:: Records shown

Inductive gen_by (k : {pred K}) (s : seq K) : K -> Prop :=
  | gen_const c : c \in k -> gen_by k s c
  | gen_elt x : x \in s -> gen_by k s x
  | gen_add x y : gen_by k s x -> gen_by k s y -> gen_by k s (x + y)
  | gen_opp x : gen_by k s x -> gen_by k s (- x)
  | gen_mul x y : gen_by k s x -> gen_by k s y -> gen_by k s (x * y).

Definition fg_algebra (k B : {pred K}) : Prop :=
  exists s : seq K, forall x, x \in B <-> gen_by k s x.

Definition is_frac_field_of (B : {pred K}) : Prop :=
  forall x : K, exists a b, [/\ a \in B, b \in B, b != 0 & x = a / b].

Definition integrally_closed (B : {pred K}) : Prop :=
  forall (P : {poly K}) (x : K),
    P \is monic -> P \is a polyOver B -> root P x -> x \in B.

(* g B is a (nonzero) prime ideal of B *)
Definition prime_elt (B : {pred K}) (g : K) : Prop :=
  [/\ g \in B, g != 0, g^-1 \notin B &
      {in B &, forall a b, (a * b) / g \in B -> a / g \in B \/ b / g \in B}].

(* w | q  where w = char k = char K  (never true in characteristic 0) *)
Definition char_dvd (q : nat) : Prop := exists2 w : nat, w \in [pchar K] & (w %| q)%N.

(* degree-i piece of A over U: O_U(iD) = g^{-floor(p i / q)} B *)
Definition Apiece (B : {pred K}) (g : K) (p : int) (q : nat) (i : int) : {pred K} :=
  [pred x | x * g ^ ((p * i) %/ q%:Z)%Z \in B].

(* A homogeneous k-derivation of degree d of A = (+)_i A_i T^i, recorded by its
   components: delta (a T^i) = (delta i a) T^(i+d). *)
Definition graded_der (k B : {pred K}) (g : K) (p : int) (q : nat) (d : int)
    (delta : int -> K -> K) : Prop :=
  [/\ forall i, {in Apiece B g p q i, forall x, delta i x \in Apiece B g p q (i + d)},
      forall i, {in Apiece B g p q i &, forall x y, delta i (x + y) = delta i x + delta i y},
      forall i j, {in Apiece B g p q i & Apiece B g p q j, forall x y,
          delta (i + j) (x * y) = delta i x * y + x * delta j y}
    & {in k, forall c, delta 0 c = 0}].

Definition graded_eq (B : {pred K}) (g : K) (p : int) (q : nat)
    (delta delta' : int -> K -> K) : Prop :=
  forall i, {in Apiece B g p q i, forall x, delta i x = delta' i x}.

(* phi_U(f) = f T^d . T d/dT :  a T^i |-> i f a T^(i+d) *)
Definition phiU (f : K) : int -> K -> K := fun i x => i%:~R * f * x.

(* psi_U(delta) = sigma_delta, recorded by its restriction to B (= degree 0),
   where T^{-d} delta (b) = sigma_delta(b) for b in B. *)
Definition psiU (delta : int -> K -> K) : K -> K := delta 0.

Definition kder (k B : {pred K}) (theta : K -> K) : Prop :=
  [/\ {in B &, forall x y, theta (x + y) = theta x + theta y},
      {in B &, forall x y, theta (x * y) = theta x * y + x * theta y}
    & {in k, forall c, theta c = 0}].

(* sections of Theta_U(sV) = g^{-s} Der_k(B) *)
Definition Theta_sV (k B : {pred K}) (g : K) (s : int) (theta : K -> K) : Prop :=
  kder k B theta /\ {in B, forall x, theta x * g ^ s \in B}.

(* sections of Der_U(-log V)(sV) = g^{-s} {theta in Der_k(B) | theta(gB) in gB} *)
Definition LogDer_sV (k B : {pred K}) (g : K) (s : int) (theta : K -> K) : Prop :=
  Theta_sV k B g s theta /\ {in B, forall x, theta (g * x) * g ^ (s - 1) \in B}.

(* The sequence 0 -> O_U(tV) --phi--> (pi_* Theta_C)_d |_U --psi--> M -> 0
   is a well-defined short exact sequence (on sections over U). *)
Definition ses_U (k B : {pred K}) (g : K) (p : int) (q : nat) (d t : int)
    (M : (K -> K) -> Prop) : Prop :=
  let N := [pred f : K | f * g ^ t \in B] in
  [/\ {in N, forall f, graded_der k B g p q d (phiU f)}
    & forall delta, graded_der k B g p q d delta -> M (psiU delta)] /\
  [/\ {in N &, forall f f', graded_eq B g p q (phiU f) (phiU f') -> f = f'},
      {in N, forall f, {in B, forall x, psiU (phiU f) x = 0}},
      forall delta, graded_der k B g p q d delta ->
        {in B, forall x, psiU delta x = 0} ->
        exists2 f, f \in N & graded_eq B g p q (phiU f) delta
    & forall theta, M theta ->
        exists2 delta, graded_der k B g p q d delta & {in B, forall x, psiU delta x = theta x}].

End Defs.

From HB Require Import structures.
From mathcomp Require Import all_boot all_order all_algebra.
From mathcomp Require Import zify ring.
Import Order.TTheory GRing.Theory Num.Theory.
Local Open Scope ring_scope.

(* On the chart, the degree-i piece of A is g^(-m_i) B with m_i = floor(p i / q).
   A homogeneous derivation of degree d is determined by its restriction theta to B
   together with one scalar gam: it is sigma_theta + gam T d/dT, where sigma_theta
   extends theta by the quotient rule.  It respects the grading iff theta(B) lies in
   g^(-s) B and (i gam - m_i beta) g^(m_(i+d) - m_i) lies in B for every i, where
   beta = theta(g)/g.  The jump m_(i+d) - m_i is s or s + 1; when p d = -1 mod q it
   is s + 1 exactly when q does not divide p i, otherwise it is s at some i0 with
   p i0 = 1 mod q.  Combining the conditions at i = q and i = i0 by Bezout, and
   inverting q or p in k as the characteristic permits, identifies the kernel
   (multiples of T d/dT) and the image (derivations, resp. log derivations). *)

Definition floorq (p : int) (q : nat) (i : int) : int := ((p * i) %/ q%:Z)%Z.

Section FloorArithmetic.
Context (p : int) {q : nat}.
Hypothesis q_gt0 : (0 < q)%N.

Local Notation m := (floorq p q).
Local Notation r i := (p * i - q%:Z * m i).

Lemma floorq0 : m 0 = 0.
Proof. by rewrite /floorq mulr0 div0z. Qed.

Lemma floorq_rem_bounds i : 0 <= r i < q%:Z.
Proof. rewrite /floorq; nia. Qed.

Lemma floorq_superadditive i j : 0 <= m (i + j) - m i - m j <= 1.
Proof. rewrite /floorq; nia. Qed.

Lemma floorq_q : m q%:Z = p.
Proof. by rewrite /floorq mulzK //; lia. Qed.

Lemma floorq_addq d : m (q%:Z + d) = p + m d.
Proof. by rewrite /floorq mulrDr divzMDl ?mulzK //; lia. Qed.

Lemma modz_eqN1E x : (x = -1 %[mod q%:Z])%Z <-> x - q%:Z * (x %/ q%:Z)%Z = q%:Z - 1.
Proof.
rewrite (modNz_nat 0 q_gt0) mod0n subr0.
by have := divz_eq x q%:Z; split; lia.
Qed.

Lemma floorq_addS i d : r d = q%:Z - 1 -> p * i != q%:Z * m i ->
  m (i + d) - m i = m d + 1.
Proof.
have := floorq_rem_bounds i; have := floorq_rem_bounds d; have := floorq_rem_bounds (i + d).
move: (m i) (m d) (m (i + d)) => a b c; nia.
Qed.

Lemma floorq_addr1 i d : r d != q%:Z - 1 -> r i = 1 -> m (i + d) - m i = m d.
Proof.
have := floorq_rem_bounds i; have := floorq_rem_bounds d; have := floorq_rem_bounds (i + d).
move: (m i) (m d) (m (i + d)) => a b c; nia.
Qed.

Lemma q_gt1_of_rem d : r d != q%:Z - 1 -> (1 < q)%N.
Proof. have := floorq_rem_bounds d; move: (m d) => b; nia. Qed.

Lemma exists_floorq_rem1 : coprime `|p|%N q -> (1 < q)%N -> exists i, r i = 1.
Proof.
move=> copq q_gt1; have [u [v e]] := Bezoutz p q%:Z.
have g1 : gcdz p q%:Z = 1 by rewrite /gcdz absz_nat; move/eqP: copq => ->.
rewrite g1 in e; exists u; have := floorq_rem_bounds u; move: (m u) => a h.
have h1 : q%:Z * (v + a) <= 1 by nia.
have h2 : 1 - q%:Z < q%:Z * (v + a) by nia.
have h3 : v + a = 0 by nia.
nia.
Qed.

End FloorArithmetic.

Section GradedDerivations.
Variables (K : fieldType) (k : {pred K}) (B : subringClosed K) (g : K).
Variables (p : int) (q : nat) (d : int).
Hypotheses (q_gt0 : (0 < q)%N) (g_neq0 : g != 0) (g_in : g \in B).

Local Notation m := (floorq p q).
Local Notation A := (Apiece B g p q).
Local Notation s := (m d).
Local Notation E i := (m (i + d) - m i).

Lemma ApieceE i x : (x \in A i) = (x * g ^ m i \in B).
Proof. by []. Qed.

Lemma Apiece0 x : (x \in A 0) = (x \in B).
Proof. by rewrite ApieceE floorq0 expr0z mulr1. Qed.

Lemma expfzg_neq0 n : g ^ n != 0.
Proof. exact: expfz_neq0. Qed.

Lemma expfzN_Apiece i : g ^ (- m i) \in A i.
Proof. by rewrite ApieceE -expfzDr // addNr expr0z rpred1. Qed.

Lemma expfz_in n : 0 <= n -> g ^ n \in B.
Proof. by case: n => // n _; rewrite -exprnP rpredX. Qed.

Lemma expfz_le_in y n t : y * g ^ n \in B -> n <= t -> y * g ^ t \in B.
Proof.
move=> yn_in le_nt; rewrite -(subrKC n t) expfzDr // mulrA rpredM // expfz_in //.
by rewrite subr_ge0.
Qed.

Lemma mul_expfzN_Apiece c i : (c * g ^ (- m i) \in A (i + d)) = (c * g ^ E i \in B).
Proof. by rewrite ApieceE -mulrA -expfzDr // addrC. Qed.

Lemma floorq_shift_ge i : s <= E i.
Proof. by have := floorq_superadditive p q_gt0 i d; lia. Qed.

::::

In the listing above, locate the line containing "(M : (K -> K) -> Prop)" and the line containing "Import Order.TTheory GRing.Theory Num.Theory.", then transcribe both and every line between them verbatim.

    (M : (K -> K) -> Prop) : Prop :=
  let N := [pred f : K | f * g ^ t \in B] in
  [/\ {in N, forall f, graded_der k B g p q d (phiU f)}
    & forall delta, graded_der k B g p q d delta -> M (psiU delta)] /\
  [/\ {in N &, forall f f', graded_eq B g p q (phiU f) (phiU f') -> f = f'},
      {in N, forall f, {in B, forall x, psiU (phiU f) x = 0}},
      forall delta, graded_der k B g p q d delta ->
        {in B, forall x, psiU delta x = 0} ->
        exists2 f, f \in N & graded_eq B g p q (phiU f) delta
    & forall theta, M theta ->
        exists2 delta, graded_der k B g p q d delta & {in B, forall x, psiU delta x = theta x}].

End Defs.

From HB Require Import structures.
From mathcomp Require Import all_boot all_order all_algebra.
From mathcomp Require Import zify ring.
Import Order.TTheory GRing.Theory Num.Theory.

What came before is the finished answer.